▸ EXERCISE AIM: Give back exactly the stretch of data below from the line holding "Section MaxSpectralRadius." through the line holding "(forall i, i", both ends included, and leave the remaining lines out.

*** MATERIAL PROVIDED Section Begins ***

Lemma spec_rad_frame_op2 i j (c : C) : i != j -> 0 < c -> 0 <= x i -> 0 <= x j ->
  q i * q j * inner (g j) (f i) * inner (g i) (f j) = c ->
  spec_rad (frame_op q f g [set i; j]) = pair_rad c (x i) (x j).
Proof.
move=> ij c_gt0 xi_ge0 xj_ge0 hc; have c_ge0 := ltW c_gt0.
set A := q j * inner (g i) (f j); set B := q i * inner (g j) (f i).
have cAB : c = A * B by rewrite -hc /A /B; ring.
have sum2 (F : 'I_N -> C) : \sum_(k in [set i; j]) F k = F i + F j.
  by rewrite big_setU1 ?big_set1 // inE.
apply: spec_radE; first exact: pair_rad_ge0.
  set h := pair_rad c _ _ => h0.
  have A0 : A != 0 by apply: contraTneq c_gt0; rewrite cAB => ->; rewrite mul0r ltxx.
  apply/frame_op_eigenvalueP => //.
  exists (fun k => if k == i then A else h - x i); first by exists i; rewrite ?inE ?eqxx.
  have hroot := pair_rad_root c (x i) (x j); rewrite -/h in hroot.
  have ji : (j == i) = false by rewrite eq_sym (negPf ij).
  move=> m; rewrite !inE sum2 eqxx ji => /orP [] /eqP ->; rewrite ?eqxx ?ji.
    by rewrite /A; ring.
  apply/eqP; rewrite -subr_eq0; apply/eqP.
  transitivity ((h - x i) * (h - x j) - A * B); first by rewrite /B; ring.
  by rewrite hroot cAB subrr.
move=> z /frame_op_eigenvalueP H /H [u [m m_ij um] eig].
apply: norm_root_le_pair_rad => //; rewrite cAB.
apply: (eigen2_char_poly (u := u i) (v := u j)).
- by move: m_ij um; rewrite !inE => /orP [] /eqP -> ->; rewrite ?orbT.
- by rewrite eig ?inE ?eqxx // sum2 /A; ring.
- by rewrite eig ?inE ?eqxx ?orbT // sum2 /B; ring.
Qed.

End PrincipalSpectra.

Lemma weight_ge0 (C : numClosedFieldType) n N (p : 'I_N -> C) i :
  is_prob_seq p -> 0 <= weight n p i.
Proof.
case=> p_bnd p_sum; have /andP [_ pi_le1] := p_bnd i.
by rewrite /weight p_sum !mulr_ge0 ?invr_ge0 ?subr_ge0 ?ler0n.
Qed.

Section MaxSpectralRadius.
Variables (C : numClosedFieldType) (n N : nat) (q : 'I_N -> C) (f g : 'I_N -> 'cV[C]_n).

Definition max_spec_rad (m : nat) : C :=
  \big[Num.max/0]_(L : {set 'I_N} | #|L| == m) spec_rad (frame_op q f g L).

Lemma le_max_spec_rad m (L : {set 'I_N}) :
  #|L| = m -> spec_rad (frame_op q f g L) <= max_spec_rad m.
Proof.
move=> /eqP L_m; apply: (le_bigmax_nneg (P := fun L : {set 'I_N} => #|L| == m)) => //.
  by move=> *; apply: spec_rad_ge0.
exact: mem_index_enum.
Qed.

Lemma max_spec_rad_le m B : 0 <= B ->
  (forall L : {set 'I_N}, #|L| = m -> spec_rad (frame_op q f g L) <= B) ->
  max_spec_rad m <= B.
Proof. by move=> B_ge0 L_le; apply: bigmax_le => // L /eqP /L_le. Qed.

Local Notation x i := (q i * inner (g i) (f i)).

Variable c : C.
Hypotheses (c_gt0 : 0 < c) (x_ge0 : forall i, 0 <= x i).
Hypothesis qq_gg_eq : forall i j, i != j ->
  q i * q j * inner (g j) (f i) * inner (g i) (f j) = c.

Lemma le_max_spec_rad1 i : x i <= max_spec_rad 1.
Proof. by rewrite -spec_rad_frame_op1 //; apply: le_max_spec_rad; rewrite cards1. Qed.

Lemma pair_rad_le_max_spec_rad2 i j : i != j -> pair_rad c (x i) (x j) <= max_spec_rad 2.
Proof.
move=> ij; rewrite -(spec_rad_frame_op2 ij) ?qq_gg_eq //.
by apply: le_max_spec_rad; rewrite cards2 ij.
Qed.

Lemma max_spec_rad2_le B : 0 <= B ->
  (forall i j, i != j -> pair_rad c (x i) (x j) <= B) -> max_spec_rad 2 <= B.
Proof.
move=> B_ge0 pair_le; apply: max_spec_rad_le => // L /eqP /cards2P [i [j [ij ->]]].
by rewrite (spec_rad_frame_op2 (c := c) ij) ?qq_gg_eq // pair_le.
Qed.

Lemma max_spec_rad2_simple_top i0 M : x i0 = max_spec_rad 1 ->
  (forall i, i != i0 -> x i <= M) -> (exists2 j, j != i0 & x j = M) ->
  max_spec_rad 2 = pair_rad c (max_spec_rad 1) M.
Proof.
move=> xi0 x_le [j ji0 xj]; have c_ge0 := ltW c_gt0.
apply/eqP; rewrite eq_le; apply/andP; split.
  apply: max_spec_rad2_le => [|i k ik]; first by rewrite -xi0 -xj pair_rad_ge0.
  have [ki0 | ki0] := eqVneq k i0.
    rewrite pair_radC // ler_pair_rad ?le_max_spec_rad1 ?x_le //.
    by rewrite -ki0.
  by rewrite ler_pair_rad ?le_max_spec_rad1 ?x_le.
by rewrite -xi0 -xj pair_rad_le_max_spec_rad2 // eq_sym.
Qed.

Lemma max_spec_rad2_double_top i0 i1 : i0 != i1 ->
  x i0 = max_spec_rad 1 -> x i1 = max_spec_rad 1 ->
  max_spec_rad 2 = max_spec_rad 1 + sqrtC c.
Proof.
move=> i01 xi0 xi1; have c_ge0 := ltW c_gt0; rewrite -pair_rad_id //.
apply/eqP; rewrite eq_le; apply/andP; split.
  apply: max_spec_rad2_le => [|i k ik]; first by rewrite -xi0 pair_rad_ge0.
  by rewrite ler_pair_rad ?le_max_spec_rad1.
by rewrite -{1}xi0 -xi1 pair_rad_le_max_spec_rad2.
Qed.

End MaxSpectralRadius.

Theorem theorem3p2 (C : numClosedFieldType) (n N : nat)
  (p : 'I_N -> C) (f g : 'I_N -> 'cV[C]_n) (c : C) :
  (0 < n)%N -> (maxn n 2 <= N)%N ->
  is_frame f ->
  is_prob_seq p ->
  (forall i, \sum_j p j - p i != 0) ->
  is_dual f g ->
  (forall i, 0 <= inner (g i) (f i)) ->
  0 < c ->
  (forall i j, i != j ->
     weight n p i * weight n p j * inner (g j) (f i) * inner (g i) (f j) = c) ->
  let q := weight n p in
  let R1 := Rmp p 1 f g in
  let R2 := Rmp p 2 f g in
  let zeta := [set i | q i * inner (g i) (f i) == R1] in
  let M := \big[Num.max/0]_(i | i \notin zeta) (q i * inner (g i) (f i)) in
  (#|zeta| = 1%N ->
     R2 = 2^-1 * (R1 + M + sqrtC ((R1 - M) ^+ 2 + 4%:R * c))) /\
  ((1 < #|zeta|)%N -> R2 = R1 + sqrtC c).
Proof.
move=> _ N_ge2 _ p_prob _ _ gf_ge0 c_gt0 qq_gg_eq q R1 R2 zeta M.
have x_ge0 i : 0 <= q i * inner (g i) (f i) by rewrite mulr_ge0 ?weight_ge0.
split.
  move/eqP/cards1P => [i0 zeta_i0].
  have /setP/(_ i0) := zeta_i0; rewrite !inE eqxx => /eqP xi0.
  have [j ji0] : exists j, j != i0.
    have : (1 < #|'I_N|)%N by rewrite card_ord (leq_trans _ N_ge2) // leq_maxr.
    case/card_gt1P => a [b [_ _ ab]].
    by case: (eqVneq a i0) => [<- | ai0]; [exists b; rewrite eq_sym | exists a].
  have notin_zeta i : (i \notin zeta) = (i != i0) by rewrite zeta_i0 inE.
  have [j1 j1_notin Mj1] : exists2 j1, j1 \notin zeta & M = q j1 * inner (g j1) (f j1).
    by apply: bigmax_nneg_attained (mem_index_enum j) _; rewrite ?notin_zeta.
  apply: (max_spec_rad2_simple_top c_gt0 x_ge0 qq_gg_eq xi0).
    by move=> i; rewrite -notin_zeta => i_notin; apply: le_bigmax_nneg (mem_index_enum i) _.
  by exists j1; rewrite -?notin_zeta.
case/card_gt1P => i0 [i1 [zeta_i0 zeta_i1 i01]].
move: zeta_i0 zeta_i1; rewrite !inE => /eqP xi0 /eqP xi1.
exact: (max_spec_rad2_double_top c_gt0 x_ge0 qq_gg_eq i01 xi0 xi1).
Qed.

*** MATERIAL PROVIDED Section Ends ***

▸ THE ANSWER:
Section MaxSpectralRadius.
Variables (C : numClosedFieldType) (n N : nat) (q : 'I_N -> C) (f g : 'I_N -> 'cV[C]_n).

Definition max_spec_rad (m : nat) : C :=
  \big[Num.max/0]_(L : {set 'I_N} | #|L| == m) spec_rad (frame_op q f g L).

Lemma le_max_spec_rad m (L : {set 'I_N}) :
  #|L| = m -> spec_rad (frame_op q f g L) <= max_spec_rad m.
Proof.
move=> /eqP L_m; apply: (le_bigmax_nneg (P := fun L : {set 'I_N} => #|L| == m)) => //.
  by move=> *; apply: spec_rad_ge0.
exact: mem_index_enum.
Qed.

Lemma max_spec_rad_le m B : 0 <= B ->
  (forall L : {set 'I_N}, #|L| = m -> spec_rad (frame_op q f g L) <= B) ->
  max_spec_rad m <= B.
Proof. by move=> B_ge0 L_le; apply: bigmax_le => // L /eqP /L_le. Qed.

Local Notation x i := (q i * inner (g i) (f i)).

Variable c : C.
Hypotheses (c_gt0 : 0 < c) (x_ge0 : forall i, 0 <= x i).
Hypothesis qq_gg_eq : forall i j, i != j ->
  q i * q j * inner (g j) (f i) * inner (g i) (f j) = c.

Lemma le_max_spec_rad1 i : x i <= max_spec_rad 1.
Proof. by rewrite -spec_rad_frame_op1 //; apply: le_max_spec_rad; rewrite cards1. Qed.

Lemma pair_rad_le_max_spec_rad2 i j : i != j -> pair_rad c (x i) (x j) <= max_spec_rad 2.
Proof.
move=> ij; rewrite -(spec_rad_frame_op2 ij) ?qq_gg_eq //.
by apply: le_max_spec_rad; rewrite cards2 ij.
Qed.

Lemma max_spec_rad2_le B : 0 <= B ->
  (forall i j, i != j -> pair_rad c (x i) (x j) <= B) -> max_spec_rad 2 <= B.
Proof.
move=> B_ge0 pair_le; apply: max_spec_rad_le => // L /eqP /cards2P [i [j [ij ->]]].
by rewrite (spec_rad_frame_op2 (c := c) ij) ?qq_gg_eq // pair_le.
Qed.

Lemma max_spec_rad2_simple_top i0 M : x i0 = max_spec_rad 1 ->
  (forall i, i != i0 -> x i <= M) -> (exists2 j, j != i0 & x j = M) ->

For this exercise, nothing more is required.